_WORK INSTRUCTION_:
From the records below, please repeat exactly the line that has "Lemma grid_geodesic_step p", the line that has "Local Notation adj := (@tadj k1 k2 k3 m B).", and every line between them, and nothing else.

_DATA SHOWN_:
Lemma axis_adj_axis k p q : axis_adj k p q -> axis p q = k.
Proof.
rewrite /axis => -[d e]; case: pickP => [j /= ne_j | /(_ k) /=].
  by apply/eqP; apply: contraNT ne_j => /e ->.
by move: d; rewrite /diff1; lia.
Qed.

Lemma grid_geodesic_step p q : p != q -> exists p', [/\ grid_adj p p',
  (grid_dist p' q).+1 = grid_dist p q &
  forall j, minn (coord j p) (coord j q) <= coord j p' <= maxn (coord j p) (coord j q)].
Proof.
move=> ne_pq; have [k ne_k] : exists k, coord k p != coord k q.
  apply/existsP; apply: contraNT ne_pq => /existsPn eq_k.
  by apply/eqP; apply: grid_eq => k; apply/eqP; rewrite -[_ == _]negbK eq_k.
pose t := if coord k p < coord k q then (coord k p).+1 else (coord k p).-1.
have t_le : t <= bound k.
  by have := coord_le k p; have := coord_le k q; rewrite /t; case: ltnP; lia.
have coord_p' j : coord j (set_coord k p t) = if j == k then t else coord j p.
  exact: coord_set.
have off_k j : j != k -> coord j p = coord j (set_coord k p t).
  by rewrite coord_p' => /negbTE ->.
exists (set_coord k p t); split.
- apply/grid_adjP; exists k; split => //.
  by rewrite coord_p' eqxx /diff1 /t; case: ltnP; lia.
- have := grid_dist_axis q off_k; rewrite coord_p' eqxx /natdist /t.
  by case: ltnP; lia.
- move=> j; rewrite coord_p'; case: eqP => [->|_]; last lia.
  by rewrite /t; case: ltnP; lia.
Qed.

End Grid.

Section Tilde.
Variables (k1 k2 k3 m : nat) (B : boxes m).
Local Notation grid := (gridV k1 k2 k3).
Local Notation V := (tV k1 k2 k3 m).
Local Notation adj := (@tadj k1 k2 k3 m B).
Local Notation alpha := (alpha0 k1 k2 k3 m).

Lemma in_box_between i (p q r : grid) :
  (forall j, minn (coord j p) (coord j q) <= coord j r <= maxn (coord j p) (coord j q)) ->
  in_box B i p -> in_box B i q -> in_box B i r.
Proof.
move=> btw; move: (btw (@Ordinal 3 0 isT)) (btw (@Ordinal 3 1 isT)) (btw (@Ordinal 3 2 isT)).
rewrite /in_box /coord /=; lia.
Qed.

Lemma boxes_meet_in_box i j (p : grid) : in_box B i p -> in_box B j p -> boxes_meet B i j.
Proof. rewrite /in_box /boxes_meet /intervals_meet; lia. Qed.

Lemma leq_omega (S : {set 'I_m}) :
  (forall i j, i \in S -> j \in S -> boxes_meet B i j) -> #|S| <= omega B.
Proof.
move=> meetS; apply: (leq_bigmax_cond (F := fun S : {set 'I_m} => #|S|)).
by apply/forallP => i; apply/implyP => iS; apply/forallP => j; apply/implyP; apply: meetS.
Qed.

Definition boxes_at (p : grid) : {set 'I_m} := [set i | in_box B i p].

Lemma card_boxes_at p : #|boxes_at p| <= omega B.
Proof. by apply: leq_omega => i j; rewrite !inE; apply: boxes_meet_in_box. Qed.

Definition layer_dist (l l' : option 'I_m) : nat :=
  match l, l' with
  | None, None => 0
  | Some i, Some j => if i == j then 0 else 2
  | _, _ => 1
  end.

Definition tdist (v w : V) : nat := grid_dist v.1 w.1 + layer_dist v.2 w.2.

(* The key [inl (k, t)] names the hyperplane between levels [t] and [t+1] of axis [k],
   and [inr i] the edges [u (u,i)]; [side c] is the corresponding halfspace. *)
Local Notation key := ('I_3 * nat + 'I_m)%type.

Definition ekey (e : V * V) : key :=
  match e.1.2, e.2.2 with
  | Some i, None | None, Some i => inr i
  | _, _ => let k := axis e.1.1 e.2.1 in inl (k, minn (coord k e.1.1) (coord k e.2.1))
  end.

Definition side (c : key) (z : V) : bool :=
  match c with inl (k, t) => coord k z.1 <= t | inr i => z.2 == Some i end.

_RESPONSE AREA_:
Lemma grid_geodesic_step p q : p != q -> exists p', [/\ grid_adj p p',
  (grid_dist p' q).+1 = grid_dist p q &
  forall j, minn (coord j p) (coord j q) <= coord j p' <= maxn (coord j p) (coord j q)].
Proof.
move=> ne_pq; have [k ne_k] : exists k, coord k p != coord k q.
  apply/existsP; apply: contraNT ne_pq => /existsPn eq_k.
  by apply/eqP; apply: grid_eq => k; apply/eqP; rewrite -[_ == _]negbK eq_k.
pose t := if coord k p < coord k q then (coord k p).+1 else (coord k p).-1.
have t_le : t <= bound k.
  by have := coord_le k p; have := coord_le k q; rewrite /t; case: ltnP; lia.
have coord_p' j : coord j (set_coord k p t) = if j == k then t else coord j p.
  exact: coord_set.
have off_k j : j != k -> coord j p = coord j (set_coord k p t).
  by rewrite coord_p' => /negbTE ->.
exists (set_coord k p t); split.
- apply/grid_adjP; exists k; split => //.
  by rewrite coord_p' eqxx /diff1 /t; case: ltnP; lia.
- have := grid_dist_axis q off_k; rewrite coord_p' eqxx /natdist /t.
  by case: ltnP; lia.
- move=> j; rewrite coord_p'; case: eqP => [->|_]; last lia.
  by rewrite /t; case: ltnP; lia.
Qed.

End Grid.

Section Tilde.
Variables (k1 k2 k3 m : nat) (B : boxes m).
Local Notation grid := (gridV k1 k2 k3).
Local Notation V := (tV k1 k2 k3 m).
Local Notation adj := (@tadj k1 k2 k3 m B).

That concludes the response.